Is one solution better than the other?

An explanation on the debt consolidation program

Debt Consolidation is the procedure to which you consolidate your debt, into one easy payment. This program is often for those whom are current or semi-current on their credit card debts. Obtaining one monthly payment, a lower interest rate and becoming debt free in a few short years is one of the key benefits to debt consolidation. When comparing these debt relief programs, remember that debt consolidation is not factored into the consumers credit score. When going through a nonprofit provider, the creditors are more willing to work in lowering the minimum payments and interest as opposed to doing it on your own. When enrolling into a consolidation program, the accounts remain in a current status as if you were staying current on the bills. Since the debts remain active and the balances go untouched, this explains why the program is not determined when calculating a consumers credit score.

When enrolling into a consolidation program, the consumer will have the ability to setup the payment date for any date they wish. All minimum payments are done through a checking or savings account to ensure that payments are done on time. This program was designed primarily for consumers whom have interest rates a 12% or higher.

If a consumer is making minimum payments and feel as if the balances are not going down, debt consolidation may be in the best interest of that consumer. As previously explained, the consolidation program is designed primarily for those whom are active on credit card debt.

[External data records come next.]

Theorem theorem4p2 (R : realDomainType) (M : finType) (n : nat)
  (v : {set M} -> R) :
  (1 <= n)%N -> is_valuation v ->
  (forall A : 'I_n -> {set M}, leximinpp v A -> EFX v A) /\
  (exists A : 'I_n -> {set M}, is_allocation A /\ EFX v A).
Proof.
move=> n_gt0 [_ _ v_mono]; have EFX_of := leximinpp_EFX v_mono.
split; first exact: EFX_of.
have [A A_leximin] := leximinpp_exists v n_gt0.
by exists A; split; [case: A_leximin | apply: EFX_of].
Qed.
(* Let $(\bm M_s)$ be a sequence of parameters with $\bm M_s\in\mathcal M$ for every index $s$. Then for every $t$ and every $k=1,\dots,2H$, $$\|\Phi^x_k(\bm M_{t-H:t-1})\|_2\le\kappa^2(1-\gamma)^{k-1}\mathds1_{(k\le H)}+\phi H(1-\gamma)^{k-2}\mathds1_{(k\ge2)},$$ $$\|\Phi^u_k(\bm M_{t-H:t})\|_2\le\kappa^3(1-\gamma)^{k-1}\mathds1_{(k\le H)}(2\sqrt{nm}+1)+\kappa\phi H(1-\gamma)^{k-2}\mathds1_{(k\ge2)},$$ where $\phi=2\kappa^5\kappa_B\sqrt{mn}$.
   Context: $A\in\mathbb R^{n\times n}$, $B\in\mathbb R^{n\times m}$; matrix $\|\cdot\|_\infty$ = max absolute row sum, $\|\cdot\|_2$ spectral norm. For $\kappa\ge1$, $\gamma\in(0,1]$, $K$ is $(\kappa,\gamma)$-strongly stable if $A-BK=Q^{-1}LQ$ with $\|L\|_2\le1-\gamma$ and $\max(\|Q\|_2,\|Q^{-1}\|_2,\|K\|_2)\le\kappa$; $\kappa_B=\max(\|B\|_2,1)$. Fix a $(\kappa,\gamma)$-strongly stable $\mathbb K$, $A_{\mathbb K}=A-B\mathbb K$, and $H\ge1$. A parameter is a list $\bm M=(M^{[1]},\dots,M^{[H]})$, $M^{[i]}\in\mathbb R^{m\times n}$; $\mathcal M=\{\bm M:\|M^{[i]}\|_\infty\le2\sqrt n\kappa^3(1-\gamma)^{i-1},\ 1\le i\le H\}$. For a time-indexed sequence of parameters, $\Phi^x_k(\bm M_{t-H:t-1})=A_{\mathbb K}^{k-1}\mathds1_{(k\le H)}+\sum_{i=1}^HA_{\mathbb K}^{i-1}BM_{t-i}^{[k-i]}\mathds1_{(1\le k-i\le H)}$ and $\Phi^u_k(\bm M_{t-H:t})=M_t^{[k]}\mathds1_{(k\le H)}-\mathbb K\Phi^x_k(\bm M_{t-H:t-1})$; $\mathds1_{(\cdot)}$ is the indicator (terms with indicator $0$ are omitted). *)

From HB Require Import structures.
From mathcomp Require Import all_boot all_order all_algebra.
From mathcomp Require Import classical_sets reals.
Set Implicit Arguments. Unset Strict Implicit. Unset Printing Implicit Defensive.
Import Order.TTheory GRing.Theory Num.Theory.
Local Open Scope ring_scope.
Local Open Scope classical_set_scope.

Section Defs.
Variable R : realType.

Definition vnorm2 p (x : 'cV[R]_p) : R := Num.sqrt (\sum_i (x i 0) ^+ 2).

Definition norm2 p q (A : 'M[R]_(p, q)) : R :=
  sup [set r | exists x : 'cV[R]_q, vnorm2 x <= 1 /\ r = vnorm2 (A *m x)].

Definition norminf p q (A : 'M[R]_(p, q)) : R :=
  \big[Num.max/0]_(i < p) \sum_(j < q) `|A i j|.

Definition strongly_stable n m (A : 'M[R]_n) (B : 'M[R]_(n, m))
    (K : 'M[R]_(m, n)) (kappa gamma : R) : Prop :=
  exists (Q L : 'M[R]_n),
    [/\ Q \in unitmx, A - B *m K = invmx Q *m L *m Q,
        norm2 L <= 1 - gamma &
        [/\ norm2 Q <= kappa, norm2 (invmx Q) <= kappa & norm2 K <= kappa]].

Definition kappaB n m (B : 'M[R]_(n, m)) : R := Num.max (norm2 B) 1.

(* A parameter is a list M^{[1]},...,M^{[H]}; we model it as a function
   nat -> 'M_(m,n) of which only the indices 1..H are used.
   A time-indexed sequence of parameters is Ms : int -> nat -> 'M_(m,n),
   Ms s i = M_s^{[i]}. *)
Definition in_calM n m (H : nat) (kappa gamma : R) (M : nat -> 'M[R]_(m, n)) :=
  forall i, (1 <= i <= H)%N ->
    norminf (M i) <= 2 * Num.sqrt n%:R * kappa ^+ 3 * (1 - gamma) ^+ i.-1.

Definition Phix n m (AK : 'M[R]_n) (B : 'M[R]_(n, m)) (H : nat)
    (Ms : int -> nat -> 'M[R]_(m, n)) (t : int) (k : nat) : 'M[R]_n :=
  (if (k <= H)%N then AK ^+ k.-1 else 0)
  + \sum_(1 <= i < H.+1 | (1 <= k - i <= H)%N)
       AK ^+ i.-1 *m B *m Ms (t - i%:Z) (k - i)%N.

Definition Phiu n m (AK : 'M[R]_n) (B : 'M[R]_(n, m)) (K : 'M[R]_(m, n))
    (H : nat) (Ms : int -> nat -> 'M[R]_(m, n)) (t : int) (k : nat)
    : 'M[R]_(m, n) :=
  (if (k <= H)%N then Ms t k else 0) - K *m Phix AK B H Ms t k.

End Defs.

From mathcomp Require Import all_boot all_order all_algebra.
From mathcomp Require Import classical_sets reals.
From mathcomp Require Import ring lra zify.
Import Order.TTheory GRing.Theory Num.Theory.
Set Implicit Arguments. Unset Strict Implicit. Unset Printing Implicit Defensive.
Local Open Scope ring_scope.

(** Writing A_K = Q^-1 L Q, the powers of A_K are bounded by
    kappa^2 (1 - gamma)^j, and the spectral norm of each M^[i] is at most
    sqrt m times its row-sum norm, i.e. 2 sqrt(mn) kappa^3 (1 - gamma)^(i-1).
    In Phi^x_k every summand A_K^(i-1) B M^[k-i] therefore has norm at most
    kappa^2 kappa_B 2 sqrt(mn) kappa^3 (1 - gamma)^(k-2) = phi (1 - gamma)^(k-2),
    and there are at most H of them.  Phi^u_k = M^[k] - K Phi^x_k then follows
    from the triangle inequality and ||K|| <= kappa. *)

Section EuclideanNorm.
Variable R : realType.
Implicit Types (p : nat).

Lemma vnorm2_ge0 p (x : 'cV[R]_p) : 0 <= vnorm2 x.
Proof. exact: sqrtr_ge0. Qed.

Lemma vnorm2_sqr p (x : 'cV[R]_p) : vnorm2 x ^+ 2 = \sum_i x i 0 ^+ 2.
Proof. by rewrite sqr_sqrtr // sumr_ge0 // => i _; rewrite sqr_ge0. Qed.

Lemma vnorm2_eq0 p (x : 'cV[R]_p) : vnorm2 x = 0 -> x = 0.
Proof.
move=> x0; apply/matrixP => i j; rewrite ord1 mxE; apply/eqP.
have sum0 : \sum_i x i 0 ^+ 2 = 0 by rewrite -vnorm2_sqr x0 expr0n.
rewrite -sqrf_eq0; apply/eqP.
exact: (psumr_eq0P (fun i _ => sqr_ge0 (x i 0)) sum0).
Qed.

Lemma vnorm2_0 p : vnorm2 (0 : 'cV[R]_p) = 0.
Proof. by rewrite /vnorm2 big1 ?sqrtr0 // => i _; rewrite mxE expr0n. Qed.

Lemma norm_entry_le_vnorm2 p (x : 'cV[R]_p) j : `|x j 0| <= vnorm2 x.
Proof.
rewrite -sqrtr_sqr; apply: ler_wsqrtr.
by rewrite (bigD1 j) //= lerDl sumr_ge0 // => i _; rewrite sqr_ge0.
Qed.

Lemma cauchy_schwarz p (x y : 'cV[R]_p) :
  \sum_i x i 0 * y i 0 <= vnorm2 x * vnorm2 y.
Proof.
have [/vnorm2_eq0 -> | nx0] := eqVneq (vnorm2 x) 0.
  by rewrite vnorm2_0 mul0r big1 // => i _; rewrite mxE mul0r.
have [/vnorm2_eq0 -> | ny0] := eqVneq (vnorm2 y) 0.
  by rewrite vnorm2_0 mulr0 big1 // => i _; rewrite mxE mulr0.
set a := vnorm2 x; set b := vnorm2 y.
have a_gt0 : 0 < a by rewrite lt_def nx0 vnorm2_ge0.
have b_gt0 : 0 < b by rewrite lt_def ny0 vnorm2_ge0.
(* AM-GM termwise: 2ab x_i y_i <= b^2 x_i^2 + a^2 y_i^2, which sums to 2 a^2 b^2. *)
have amgm : \sum_i (2 * a * b) * (x i 0 * y i 0)
    <= \sum_i (b ^+ 2 * x i 0 ^+ 2 + a ^+ 2 * y i 0 ^+ 2).
  by apply: ler_sum => i _; have := sqr_ge0 (b * x i 0 - a * y i 0); nra.
rewrite -mulr_sumr big_split /= -!mulr_sumr -!vnorm2_sqr -/a -/b in amgm.
have ab_gt0 : 0 < a * b by exact: mulr_gt0.
nra.
Qed.

Lemma ler_vnorm2D p (x y : 'cV[R]_p) : vnorm2 (x + y) <= vnorm2 x + vnorm2 y.
Proof.
have sqr_le : \sum_i (x + y) i 0 ^+ 2 <= (vnorm2 x + vnorm2 y) ^+ 2.
  have -> : \sum_i (x + y) i 0 ^+ 2 =
      \sum_i x i 0 ^+ 2 + 2 * \sum_i x i 0 * y i 0 + \sum_i y i 0 ^+ 2.
    by rewrite mulr_sumr -!big_split /=; apply: eq_bigr => i _; rewrite mxE; ring.
  have := cauchy_schwarz x y; rewrite -!vnorm2_sqr; lra.
apply: le_trans (ler_wsqrtr sqr_le) _.
by rewrite sqrtr_sqr ger0_norm // addr_ge0 // vnorm2_ge0.
Qed.

Lemma vnorm2Z p c (x : 'cV[R]_p) : vnorm2 (c *: x) = `|c| * vnorm2 x.
Proof.
rewrite /vnorm2 -sqrtr_sqr -sqrtrM ?sqr_ge0 // mulr_sumr.
by congr Num.sqrt; apply: eq_bigr => i _; rewrite mxE; ring.
Qed.

Lemma vnorm2N p (x : 'cV[R]_p) : vnorm2 (- x) = vnorm2 x.
Proof. by rewrite -scaleN1r vnorm2Z normrN normr1 mul1r. Qed.

End EuclideanNorm.

Section SpectralNorm.
Variable R : realType.
Implicit Types (p q : nat).

Lemma norm_mulmx_le_norminf p q (A : 'M[R]_(p, q)) (x : 'cV[R]_q) i :
  vnorm2 x <= 1 -> `|(A *m x) i 0| <= norminf A.
Proof.
move=> x1; rewrite mxE; apply: le_trans (ler_norm_sum _ _ _) _.
apply: le_trans (le_bigmax (0 : R) (fun i => \sum_j `|A i j|) i).
apply: ler_sum => j _; rewrite normrM ler_piMr //.
exact: le_trans (norm_entry_le_vnorm2 x j) x1.
Qed.

Lemma vnorm2_mulmx_le_norminf p q (A : 'M[R]_(p, q)) (x : 'cV[R]_q) :
  vnorm2 x <= 1 -> vnorm2 (A *m x) <= Num.sqrt p%:R * norminf A.
Proof.
move=> x1; have N0 : 0 <= norminf A by exact: bigmax_ge_id.
have sqr_le : \sum_i (A *m x) i 0 ^+ 2 <= p%:R * norminf A ^+ 2.
  have -> : p%:R * norminf A ^+ 2 = \sum_(i < p) norminf A ^+ 2.
    by rewrite sumr_const card_ord mulr_natl.
  apply: ler_sum => i _.
  rewrite -real_normK ?num_real // lerXn2r ?nnegrE //.
  exact: norm_mulmx_le_norminf.
apply: le_trans (ler_wsqrtr sqr_le) _.
by rewrite sqrtrM // sqrtr_sqr ger0_norm.
Qed.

Here are a few key benefits to debt consolidation

  • One monthly payment.
  • Reduced monthly payments.
  • Reduced interest rates.
  • Reduced or eliminate fees and charges.
  • Not factored into the consumers credit score.
  • Debt freedom in months, not years.
  • Designed for consumers whom are current, or no later than 90 days delinquent

Debt Settlement

Debt Settlement is the procedure to which consumers settle on an already existing balance. The settlement program is often for people whom are seriously delinquent or for those who cannot maintain anymore minimum payments. Debt Settlement, does impact the consumers credit score as they purposely fall behind in order to obtain the best settlements. Remember, this is not a program that keeps accounts current like debt consolidation. If consumers are willing to take a ding on their credit, debt settlement may be beneficial for that client. This program is also designed for those whom have debts, years past due that are looking to clean up their credit. When looking at the differences between debt settlement vs debt consolidation, it's important to know that consolidation keeps accounts current whereas settlement does not.

This option is an excellent way to go about resolving debt should the debts be old medical or collection bills. Most debts that are seriously delinquent may benefit by this program. For consumers that are current on minimum payments, do expect to fall behind. To qualify for this type of program, a consumer must have at least $5,000 in combined debt.

Here are a few key benefits to debt settlement

  • One monthly payment (much lower than debt consolidation)
  • Reduce the balance by 50 to 70%
  • Reduce or eliminate fees and charges
  • Debt freedom in 6 months to 4 years.
  • Designed for those whom are 60 days or more delinquent on their debts.

When trying to cross compare settlement consolidation, although they may sound familiar they are not. Remember that settlement is primarily for people whom are delinquent or want to resolve debts on a credit report, whereas consolidation is for those whom are current on active credit card debt just looking to lower minimum payments and interest rates.